### HOW TO COMPLETE THIS TASK
Go through the entries below and return every line that contains "mulrA".

Items from a data source
========================

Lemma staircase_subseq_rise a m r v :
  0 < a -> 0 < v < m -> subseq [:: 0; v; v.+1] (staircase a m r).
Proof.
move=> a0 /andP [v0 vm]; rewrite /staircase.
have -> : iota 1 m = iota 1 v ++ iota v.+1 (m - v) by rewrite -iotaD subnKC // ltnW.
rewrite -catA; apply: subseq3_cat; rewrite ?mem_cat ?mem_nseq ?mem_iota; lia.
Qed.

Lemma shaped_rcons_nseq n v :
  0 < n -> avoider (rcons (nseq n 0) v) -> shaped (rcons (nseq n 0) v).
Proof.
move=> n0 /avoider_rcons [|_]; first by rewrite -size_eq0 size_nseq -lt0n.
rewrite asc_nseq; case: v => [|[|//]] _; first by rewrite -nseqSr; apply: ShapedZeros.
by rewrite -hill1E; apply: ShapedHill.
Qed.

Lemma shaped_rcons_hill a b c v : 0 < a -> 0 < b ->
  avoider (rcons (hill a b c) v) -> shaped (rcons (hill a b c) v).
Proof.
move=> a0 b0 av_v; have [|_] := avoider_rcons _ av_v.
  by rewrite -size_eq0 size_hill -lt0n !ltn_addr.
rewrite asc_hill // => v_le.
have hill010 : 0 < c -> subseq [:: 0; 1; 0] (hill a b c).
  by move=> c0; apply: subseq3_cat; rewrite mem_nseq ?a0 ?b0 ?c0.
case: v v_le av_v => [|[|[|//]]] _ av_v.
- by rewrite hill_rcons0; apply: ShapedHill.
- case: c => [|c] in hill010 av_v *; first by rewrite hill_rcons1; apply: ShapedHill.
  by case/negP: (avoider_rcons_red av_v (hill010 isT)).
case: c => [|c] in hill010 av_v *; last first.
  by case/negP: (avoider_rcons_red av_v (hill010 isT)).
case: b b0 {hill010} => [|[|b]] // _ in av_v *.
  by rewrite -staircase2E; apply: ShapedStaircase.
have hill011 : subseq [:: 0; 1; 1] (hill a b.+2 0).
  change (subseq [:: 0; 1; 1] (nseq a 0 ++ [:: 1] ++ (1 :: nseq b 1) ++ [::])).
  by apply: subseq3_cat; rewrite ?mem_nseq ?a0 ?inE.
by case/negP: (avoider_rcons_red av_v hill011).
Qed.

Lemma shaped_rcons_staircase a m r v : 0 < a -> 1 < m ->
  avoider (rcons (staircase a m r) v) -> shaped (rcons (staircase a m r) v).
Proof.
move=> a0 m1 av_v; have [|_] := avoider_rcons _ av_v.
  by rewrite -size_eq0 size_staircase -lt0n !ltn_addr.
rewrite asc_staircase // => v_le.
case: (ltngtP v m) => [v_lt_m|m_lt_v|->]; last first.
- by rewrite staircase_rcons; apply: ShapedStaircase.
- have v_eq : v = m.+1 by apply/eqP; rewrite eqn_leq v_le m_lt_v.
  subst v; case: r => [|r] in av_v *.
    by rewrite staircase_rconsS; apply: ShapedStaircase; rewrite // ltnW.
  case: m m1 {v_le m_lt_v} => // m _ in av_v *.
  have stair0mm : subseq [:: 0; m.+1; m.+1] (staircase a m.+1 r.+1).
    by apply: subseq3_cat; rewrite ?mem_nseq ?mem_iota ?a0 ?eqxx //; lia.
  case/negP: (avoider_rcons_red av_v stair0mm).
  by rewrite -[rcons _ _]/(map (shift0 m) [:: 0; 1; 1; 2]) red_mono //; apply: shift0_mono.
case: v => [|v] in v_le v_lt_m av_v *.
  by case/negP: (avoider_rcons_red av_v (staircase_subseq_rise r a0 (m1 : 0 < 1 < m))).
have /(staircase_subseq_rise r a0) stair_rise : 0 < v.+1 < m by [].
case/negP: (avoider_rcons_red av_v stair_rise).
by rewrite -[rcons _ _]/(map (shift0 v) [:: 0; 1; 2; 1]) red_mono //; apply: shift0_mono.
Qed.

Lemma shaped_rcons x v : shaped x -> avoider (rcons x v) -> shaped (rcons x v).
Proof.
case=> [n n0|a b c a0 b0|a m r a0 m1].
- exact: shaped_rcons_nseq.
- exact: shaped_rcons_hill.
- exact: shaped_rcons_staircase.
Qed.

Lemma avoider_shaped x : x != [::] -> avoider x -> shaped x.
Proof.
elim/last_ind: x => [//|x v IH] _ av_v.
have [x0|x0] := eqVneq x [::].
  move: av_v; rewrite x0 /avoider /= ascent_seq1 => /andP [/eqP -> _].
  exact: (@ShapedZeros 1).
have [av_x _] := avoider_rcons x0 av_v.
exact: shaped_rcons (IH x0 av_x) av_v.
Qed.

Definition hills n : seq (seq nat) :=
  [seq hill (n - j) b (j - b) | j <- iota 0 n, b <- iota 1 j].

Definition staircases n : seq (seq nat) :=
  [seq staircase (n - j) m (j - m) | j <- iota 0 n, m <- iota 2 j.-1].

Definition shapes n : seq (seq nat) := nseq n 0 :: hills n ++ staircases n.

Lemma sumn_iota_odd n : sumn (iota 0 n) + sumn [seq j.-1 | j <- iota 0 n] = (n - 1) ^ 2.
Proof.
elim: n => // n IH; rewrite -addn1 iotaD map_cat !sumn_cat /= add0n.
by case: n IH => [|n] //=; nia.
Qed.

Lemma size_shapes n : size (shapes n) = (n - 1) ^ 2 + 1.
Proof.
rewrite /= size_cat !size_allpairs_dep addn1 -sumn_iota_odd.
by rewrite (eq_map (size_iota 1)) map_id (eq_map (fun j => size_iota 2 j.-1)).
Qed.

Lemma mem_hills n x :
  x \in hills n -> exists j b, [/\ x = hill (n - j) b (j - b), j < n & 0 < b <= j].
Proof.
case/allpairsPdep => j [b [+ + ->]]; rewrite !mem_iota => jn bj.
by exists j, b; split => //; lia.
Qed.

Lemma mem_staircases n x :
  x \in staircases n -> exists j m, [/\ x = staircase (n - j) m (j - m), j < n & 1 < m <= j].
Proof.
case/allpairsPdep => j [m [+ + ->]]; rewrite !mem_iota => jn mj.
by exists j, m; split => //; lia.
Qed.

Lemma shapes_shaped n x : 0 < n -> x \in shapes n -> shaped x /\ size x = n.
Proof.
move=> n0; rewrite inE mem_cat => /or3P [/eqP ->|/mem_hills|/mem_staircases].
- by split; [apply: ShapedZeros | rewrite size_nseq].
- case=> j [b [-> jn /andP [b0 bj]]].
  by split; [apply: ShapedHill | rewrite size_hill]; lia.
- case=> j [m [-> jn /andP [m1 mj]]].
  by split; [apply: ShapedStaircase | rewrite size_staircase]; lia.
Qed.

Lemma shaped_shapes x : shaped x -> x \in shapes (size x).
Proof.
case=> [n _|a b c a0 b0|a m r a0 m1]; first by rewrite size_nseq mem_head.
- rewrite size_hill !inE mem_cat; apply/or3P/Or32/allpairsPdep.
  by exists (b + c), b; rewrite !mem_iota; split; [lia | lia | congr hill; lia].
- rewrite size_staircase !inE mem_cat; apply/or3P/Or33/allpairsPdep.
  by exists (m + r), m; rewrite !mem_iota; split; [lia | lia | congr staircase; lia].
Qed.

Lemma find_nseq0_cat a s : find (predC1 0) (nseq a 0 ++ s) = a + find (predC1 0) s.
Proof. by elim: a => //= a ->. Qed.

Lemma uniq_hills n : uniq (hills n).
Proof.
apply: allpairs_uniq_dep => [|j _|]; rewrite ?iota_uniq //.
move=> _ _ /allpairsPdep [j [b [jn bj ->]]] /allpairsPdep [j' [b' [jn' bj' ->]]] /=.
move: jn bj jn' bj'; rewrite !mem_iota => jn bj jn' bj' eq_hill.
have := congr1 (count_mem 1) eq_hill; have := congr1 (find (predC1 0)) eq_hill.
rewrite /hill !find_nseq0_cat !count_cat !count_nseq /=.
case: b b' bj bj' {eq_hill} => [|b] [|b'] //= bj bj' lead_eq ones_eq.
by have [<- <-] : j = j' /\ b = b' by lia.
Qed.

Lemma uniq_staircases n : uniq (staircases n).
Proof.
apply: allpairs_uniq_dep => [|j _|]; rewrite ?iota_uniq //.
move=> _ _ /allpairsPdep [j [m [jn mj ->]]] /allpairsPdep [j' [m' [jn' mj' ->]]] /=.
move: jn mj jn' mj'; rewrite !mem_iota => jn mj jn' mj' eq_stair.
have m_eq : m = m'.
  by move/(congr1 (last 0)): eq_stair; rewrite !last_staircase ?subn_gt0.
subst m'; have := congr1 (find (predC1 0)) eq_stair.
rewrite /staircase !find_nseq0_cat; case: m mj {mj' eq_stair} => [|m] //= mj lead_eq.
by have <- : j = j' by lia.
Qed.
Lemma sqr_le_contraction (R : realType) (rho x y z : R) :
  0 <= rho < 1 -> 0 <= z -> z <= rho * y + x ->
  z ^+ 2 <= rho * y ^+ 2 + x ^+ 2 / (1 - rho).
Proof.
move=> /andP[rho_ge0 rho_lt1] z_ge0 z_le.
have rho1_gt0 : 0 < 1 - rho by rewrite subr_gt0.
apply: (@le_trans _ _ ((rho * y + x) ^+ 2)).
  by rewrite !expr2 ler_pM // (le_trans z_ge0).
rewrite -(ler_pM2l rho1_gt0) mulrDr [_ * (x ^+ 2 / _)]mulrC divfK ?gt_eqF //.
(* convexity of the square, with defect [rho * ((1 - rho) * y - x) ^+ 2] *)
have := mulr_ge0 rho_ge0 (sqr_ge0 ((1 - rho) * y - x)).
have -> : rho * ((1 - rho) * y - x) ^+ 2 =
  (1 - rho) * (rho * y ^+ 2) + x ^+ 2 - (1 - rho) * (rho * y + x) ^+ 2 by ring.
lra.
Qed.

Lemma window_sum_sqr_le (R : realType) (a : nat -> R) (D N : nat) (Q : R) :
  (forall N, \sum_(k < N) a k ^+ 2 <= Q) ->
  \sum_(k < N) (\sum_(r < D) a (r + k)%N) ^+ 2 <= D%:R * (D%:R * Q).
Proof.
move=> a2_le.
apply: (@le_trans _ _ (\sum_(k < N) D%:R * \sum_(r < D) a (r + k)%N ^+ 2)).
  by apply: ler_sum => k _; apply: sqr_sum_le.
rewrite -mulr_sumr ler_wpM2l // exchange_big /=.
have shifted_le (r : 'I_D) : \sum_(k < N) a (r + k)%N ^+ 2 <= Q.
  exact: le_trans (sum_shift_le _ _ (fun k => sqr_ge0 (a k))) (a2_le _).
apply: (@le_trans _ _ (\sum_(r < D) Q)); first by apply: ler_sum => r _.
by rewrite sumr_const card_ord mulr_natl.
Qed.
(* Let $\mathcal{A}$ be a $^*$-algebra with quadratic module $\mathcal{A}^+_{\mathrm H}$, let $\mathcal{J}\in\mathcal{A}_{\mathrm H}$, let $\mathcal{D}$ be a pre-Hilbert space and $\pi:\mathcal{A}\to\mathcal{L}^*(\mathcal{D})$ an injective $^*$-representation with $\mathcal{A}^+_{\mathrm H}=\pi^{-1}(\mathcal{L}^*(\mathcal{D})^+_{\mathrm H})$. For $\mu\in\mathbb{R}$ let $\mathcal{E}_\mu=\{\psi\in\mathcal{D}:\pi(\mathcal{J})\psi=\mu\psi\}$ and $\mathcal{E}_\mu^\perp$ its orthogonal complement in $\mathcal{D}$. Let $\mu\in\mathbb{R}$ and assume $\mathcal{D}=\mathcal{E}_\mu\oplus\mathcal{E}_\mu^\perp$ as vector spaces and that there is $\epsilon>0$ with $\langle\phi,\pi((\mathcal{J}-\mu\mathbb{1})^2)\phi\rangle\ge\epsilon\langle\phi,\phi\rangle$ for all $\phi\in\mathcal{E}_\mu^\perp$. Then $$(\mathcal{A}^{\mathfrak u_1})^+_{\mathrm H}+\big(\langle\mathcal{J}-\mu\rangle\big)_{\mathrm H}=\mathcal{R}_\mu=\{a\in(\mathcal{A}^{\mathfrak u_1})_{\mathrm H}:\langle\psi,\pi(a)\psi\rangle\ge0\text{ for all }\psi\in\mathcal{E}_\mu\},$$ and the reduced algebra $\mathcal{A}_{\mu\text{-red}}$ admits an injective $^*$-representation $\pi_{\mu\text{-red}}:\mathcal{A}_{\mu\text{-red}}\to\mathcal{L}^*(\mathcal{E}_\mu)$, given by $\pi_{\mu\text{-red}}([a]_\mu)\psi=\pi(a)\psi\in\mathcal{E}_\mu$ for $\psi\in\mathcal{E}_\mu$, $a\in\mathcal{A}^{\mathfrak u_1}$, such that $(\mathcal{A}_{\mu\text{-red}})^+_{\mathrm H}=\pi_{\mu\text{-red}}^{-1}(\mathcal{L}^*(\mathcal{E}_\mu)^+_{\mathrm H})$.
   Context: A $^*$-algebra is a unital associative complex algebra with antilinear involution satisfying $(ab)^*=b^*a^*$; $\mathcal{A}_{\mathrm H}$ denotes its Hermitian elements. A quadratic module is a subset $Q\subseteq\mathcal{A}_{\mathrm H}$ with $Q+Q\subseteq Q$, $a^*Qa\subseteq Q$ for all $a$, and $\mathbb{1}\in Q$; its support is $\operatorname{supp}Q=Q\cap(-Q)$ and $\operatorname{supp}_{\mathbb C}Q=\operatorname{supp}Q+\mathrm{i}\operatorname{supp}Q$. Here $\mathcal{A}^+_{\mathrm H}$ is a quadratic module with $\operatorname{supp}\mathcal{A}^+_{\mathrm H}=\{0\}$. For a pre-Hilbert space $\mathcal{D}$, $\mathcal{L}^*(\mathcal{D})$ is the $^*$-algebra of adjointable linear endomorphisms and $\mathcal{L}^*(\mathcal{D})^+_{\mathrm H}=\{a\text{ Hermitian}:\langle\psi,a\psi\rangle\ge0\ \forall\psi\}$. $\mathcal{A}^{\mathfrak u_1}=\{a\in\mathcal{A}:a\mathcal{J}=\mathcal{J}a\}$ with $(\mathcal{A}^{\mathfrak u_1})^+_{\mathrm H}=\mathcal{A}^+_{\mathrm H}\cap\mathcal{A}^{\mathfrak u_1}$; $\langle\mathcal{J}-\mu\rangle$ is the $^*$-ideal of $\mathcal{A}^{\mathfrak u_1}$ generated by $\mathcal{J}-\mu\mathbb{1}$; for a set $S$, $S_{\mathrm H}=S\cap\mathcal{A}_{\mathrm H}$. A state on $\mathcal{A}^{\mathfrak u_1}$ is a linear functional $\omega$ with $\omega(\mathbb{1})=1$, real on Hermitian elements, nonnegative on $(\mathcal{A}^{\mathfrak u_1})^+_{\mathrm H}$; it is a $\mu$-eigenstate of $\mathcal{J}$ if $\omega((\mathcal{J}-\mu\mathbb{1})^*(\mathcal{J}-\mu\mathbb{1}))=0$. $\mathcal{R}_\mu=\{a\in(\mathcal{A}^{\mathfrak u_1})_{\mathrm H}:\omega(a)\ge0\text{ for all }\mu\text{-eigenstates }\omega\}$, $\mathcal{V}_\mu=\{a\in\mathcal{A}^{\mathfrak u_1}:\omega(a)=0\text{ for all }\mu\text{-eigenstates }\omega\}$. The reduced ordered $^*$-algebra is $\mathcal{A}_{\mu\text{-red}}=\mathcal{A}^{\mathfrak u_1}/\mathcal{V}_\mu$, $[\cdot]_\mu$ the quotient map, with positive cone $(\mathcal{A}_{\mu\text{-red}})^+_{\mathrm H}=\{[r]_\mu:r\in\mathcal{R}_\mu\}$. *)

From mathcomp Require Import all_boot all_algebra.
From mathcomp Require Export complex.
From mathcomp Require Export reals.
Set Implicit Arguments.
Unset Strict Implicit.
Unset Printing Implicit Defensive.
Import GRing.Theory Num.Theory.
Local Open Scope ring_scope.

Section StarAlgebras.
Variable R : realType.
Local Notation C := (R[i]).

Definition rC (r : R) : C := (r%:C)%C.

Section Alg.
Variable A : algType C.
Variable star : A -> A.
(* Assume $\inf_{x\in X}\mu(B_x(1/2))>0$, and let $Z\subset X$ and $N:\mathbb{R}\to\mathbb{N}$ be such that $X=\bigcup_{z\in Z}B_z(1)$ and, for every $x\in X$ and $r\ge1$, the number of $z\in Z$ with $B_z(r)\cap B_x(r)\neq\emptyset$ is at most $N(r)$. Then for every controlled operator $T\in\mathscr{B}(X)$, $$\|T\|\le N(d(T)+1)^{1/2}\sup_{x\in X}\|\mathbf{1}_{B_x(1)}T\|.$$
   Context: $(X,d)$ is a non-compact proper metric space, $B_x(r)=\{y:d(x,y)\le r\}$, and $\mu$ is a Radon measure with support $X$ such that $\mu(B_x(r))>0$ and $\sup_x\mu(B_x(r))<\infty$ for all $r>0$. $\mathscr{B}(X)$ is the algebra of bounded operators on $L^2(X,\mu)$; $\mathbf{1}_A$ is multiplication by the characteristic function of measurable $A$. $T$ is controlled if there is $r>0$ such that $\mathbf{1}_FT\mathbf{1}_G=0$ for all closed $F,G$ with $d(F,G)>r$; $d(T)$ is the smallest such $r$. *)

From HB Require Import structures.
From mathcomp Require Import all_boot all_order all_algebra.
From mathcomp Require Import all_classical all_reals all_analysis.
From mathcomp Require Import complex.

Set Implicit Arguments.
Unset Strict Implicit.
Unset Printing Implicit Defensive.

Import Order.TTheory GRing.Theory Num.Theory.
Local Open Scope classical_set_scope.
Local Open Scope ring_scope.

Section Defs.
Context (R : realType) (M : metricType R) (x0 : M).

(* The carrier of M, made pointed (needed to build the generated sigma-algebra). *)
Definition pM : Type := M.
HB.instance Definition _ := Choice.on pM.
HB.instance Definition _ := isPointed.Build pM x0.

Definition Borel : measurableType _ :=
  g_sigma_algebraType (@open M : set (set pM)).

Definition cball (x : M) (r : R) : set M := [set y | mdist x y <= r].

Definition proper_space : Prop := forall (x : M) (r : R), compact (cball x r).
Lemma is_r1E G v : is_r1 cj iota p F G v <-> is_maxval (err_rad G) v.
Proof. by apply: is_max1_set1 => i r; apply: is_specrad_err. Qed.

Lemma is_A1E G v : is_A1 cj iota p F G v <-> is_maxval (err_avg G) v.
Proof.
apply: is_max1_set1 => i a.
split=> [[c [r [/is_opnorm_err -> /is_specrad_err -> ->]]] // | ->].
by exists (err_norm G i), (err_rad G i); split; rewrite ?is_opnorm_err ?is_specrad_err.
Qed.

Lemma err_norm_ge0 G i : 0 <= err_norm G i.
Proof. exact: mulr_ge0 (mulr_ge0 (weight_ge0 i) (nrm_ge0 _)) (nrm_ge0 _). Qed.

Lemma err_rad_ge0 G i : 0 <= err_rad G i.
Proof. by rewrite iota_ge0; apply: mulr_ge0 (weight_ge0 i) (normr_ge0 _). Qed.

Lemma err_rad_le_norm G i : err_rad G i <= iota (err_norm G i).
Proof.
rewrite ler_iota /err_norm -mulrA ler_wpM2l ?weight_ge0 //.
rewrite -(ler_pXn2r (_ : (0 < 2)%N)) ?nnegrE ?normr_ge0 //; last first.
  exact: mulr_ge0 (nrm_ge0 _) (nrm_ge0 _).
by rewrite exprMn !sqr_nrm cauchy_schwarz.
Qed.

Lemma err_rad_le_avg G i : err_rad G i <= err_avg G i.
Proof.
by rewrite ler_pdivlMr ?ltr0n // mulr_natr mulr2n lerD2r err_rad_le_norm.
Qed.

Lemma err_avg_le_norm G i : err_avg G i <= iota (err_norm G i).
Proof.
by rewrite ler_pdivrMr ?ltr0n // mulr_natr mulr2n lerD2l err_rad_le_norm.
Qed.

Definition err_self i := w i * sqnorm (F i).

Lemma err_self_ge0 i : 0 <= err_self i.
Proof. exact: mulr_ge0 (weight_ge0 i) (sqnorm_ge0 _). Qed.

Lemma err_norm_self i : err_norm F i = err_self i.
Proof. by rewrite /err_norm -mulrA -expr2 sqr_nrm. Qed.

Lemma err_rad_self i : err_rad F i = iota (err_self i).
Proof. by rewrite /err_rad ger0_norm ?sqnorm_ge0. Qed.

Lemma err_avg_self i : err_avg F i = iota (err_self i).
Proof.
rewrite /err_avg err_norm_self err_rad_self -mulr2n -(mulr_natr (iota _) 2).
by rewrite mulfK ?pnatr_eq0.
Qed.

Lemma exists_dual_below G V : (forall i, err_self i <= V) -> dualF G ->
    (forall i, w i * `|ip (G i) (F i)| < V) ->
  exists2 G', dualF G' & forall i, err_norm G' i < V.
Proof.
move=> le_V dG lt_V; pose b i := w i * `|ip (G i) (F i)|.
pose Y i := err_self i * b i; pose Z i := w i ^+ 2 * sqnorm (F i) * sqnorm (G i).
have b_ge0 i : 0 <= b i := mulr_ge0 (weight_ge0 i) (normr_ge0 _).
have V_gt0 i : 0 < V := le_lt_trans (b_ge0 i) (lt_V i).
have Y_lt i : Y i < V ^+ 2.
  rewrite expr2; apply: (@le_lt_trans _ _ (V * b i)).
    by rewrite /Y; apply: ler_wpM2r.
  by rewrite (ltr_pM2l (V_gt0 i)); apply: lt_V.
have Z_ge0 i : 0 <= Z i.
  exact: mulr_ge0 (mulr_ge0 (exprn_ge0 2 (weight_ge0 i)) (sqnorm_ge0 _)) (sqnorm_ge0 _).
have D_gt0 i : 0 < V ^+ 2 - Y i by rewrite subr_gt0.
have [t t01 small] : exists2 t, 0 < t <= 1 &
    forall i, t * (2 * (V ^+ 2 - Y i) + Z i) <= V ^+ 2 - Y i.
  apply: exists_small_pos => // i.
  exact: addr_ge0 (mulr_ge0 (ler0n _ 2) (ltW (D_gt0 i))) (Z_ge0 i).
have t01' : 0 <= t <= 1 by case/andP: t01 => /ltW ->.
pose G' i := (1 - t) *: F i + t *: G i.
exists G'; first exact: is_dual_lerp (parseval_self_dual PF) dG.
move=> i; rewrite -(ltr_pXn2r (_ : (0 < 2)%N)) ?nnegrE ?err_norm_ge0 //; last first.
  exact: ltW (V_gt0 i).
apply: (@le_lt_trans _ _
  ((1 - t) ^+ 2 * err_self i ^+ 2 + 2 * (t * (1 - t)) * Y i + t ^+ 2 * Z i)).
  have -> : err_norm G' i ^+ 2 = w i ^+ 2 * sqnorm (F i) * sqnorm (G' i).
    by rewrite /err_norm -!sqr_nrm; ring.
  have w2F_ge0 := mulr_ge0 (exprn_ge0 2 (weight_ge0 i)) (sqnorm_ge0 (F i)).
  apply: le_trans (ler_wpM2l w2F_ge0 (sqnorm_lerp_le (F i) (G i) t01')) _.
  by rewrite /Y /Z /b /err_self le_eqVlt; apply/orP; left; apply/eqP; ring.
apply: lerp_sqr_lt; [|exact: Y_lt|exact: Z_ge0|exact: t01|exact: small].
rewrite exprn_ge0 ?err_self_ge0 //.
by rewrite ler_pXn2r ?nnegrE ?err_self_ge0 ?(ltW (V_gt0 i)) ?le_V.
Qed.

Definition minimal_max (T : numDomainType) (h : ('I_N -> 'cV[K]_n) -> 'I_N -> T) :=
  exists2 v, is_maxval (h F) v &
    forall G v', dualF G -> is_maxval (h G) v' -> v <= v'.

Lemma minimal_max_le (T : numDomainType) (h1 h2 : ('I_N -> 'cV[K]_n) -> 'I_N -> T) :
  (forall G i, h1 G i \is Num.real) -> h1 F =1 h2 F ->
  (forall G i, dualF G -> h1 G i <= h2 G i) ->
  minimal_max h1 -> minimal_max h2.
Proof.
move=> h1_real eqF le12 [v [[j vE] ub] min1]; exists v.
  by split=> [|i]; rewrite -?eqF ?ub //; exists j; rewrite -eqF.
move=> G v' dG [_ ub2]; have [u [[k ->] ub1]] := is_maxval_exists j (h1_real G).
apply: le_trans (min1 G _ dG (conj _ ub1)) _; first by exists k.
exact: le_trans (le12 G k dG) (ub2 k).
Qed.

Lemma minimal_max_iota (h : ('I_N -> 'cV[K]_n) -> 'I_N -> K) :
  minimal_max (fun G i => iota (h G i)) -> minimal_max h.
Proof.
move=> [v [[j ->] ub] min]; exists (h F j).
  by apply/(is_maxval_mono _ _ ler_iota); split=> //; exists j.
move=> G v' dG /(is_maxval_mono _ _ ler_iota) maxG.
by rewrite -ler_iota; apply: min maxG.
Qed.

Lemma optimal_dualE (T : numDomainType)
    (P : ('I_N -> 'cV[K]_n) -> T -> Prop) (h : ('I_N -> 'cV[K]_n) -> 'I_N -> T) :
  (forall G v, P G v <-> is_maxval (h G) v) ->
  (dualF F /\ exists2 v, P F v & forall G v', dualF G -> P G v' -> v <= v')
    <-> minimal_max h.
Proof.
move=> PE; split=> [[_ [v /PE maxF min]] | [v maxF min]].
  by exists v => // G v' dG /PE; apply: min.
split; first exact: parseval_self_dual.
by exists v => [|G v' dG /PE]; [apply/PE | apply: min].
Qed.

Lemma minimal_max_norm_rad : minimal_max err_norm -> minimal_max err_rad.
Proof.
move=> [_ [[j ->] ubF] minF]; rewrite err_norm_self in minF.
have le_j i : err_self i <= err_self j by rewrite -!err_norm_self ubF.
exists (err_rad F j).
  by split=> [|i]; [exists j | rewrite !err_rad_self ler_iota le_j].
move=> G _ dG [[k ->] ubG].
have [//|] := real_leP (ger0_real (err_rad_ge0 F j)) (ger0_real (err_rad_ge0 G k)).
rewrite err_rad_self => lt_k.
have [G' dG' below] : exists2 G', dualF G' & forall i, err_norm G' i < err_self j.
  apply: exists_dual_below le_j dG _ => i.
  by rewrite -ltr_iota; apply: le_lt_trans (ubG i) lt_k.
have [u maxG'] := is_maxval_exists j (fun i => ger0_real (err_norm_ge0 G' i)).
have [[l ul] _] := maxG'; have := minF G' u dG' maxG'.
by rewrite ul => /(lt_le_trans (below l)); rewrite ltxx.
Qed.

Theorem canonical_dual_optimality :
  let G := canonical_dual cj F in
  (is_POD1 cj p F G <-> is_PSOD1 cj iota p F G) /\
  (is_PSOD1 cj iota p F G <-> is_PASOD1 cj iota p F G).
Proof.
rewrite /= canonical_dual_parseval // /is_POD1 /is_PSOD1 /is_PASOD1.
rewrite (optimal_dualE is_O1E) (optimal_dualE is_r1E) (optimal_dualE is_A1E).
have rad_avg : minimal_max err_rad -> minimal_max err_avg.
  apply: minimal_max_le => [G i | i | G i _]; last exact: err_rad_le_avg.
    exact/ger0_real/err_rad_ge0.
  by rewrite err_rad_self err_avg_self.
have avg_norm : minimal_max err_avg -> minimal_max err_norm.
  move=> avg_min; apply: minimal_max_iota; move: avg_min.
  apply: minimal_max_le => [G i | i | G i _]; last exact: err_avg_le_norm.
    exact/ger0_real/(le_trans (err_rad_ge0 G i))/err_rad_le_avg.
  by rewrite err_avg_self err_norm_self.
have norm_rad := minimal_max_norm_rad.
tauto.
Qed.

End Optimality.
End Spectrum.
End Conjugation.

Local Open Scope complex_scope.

========================

### WORKED SOLUTION
rewrite ler_iota /err_norm -mulrA ler_wpM2l ?weight_ge0 //.
Proof. by rewrite /err_norm -mulrA -expr2 sqr_nrm. Qed.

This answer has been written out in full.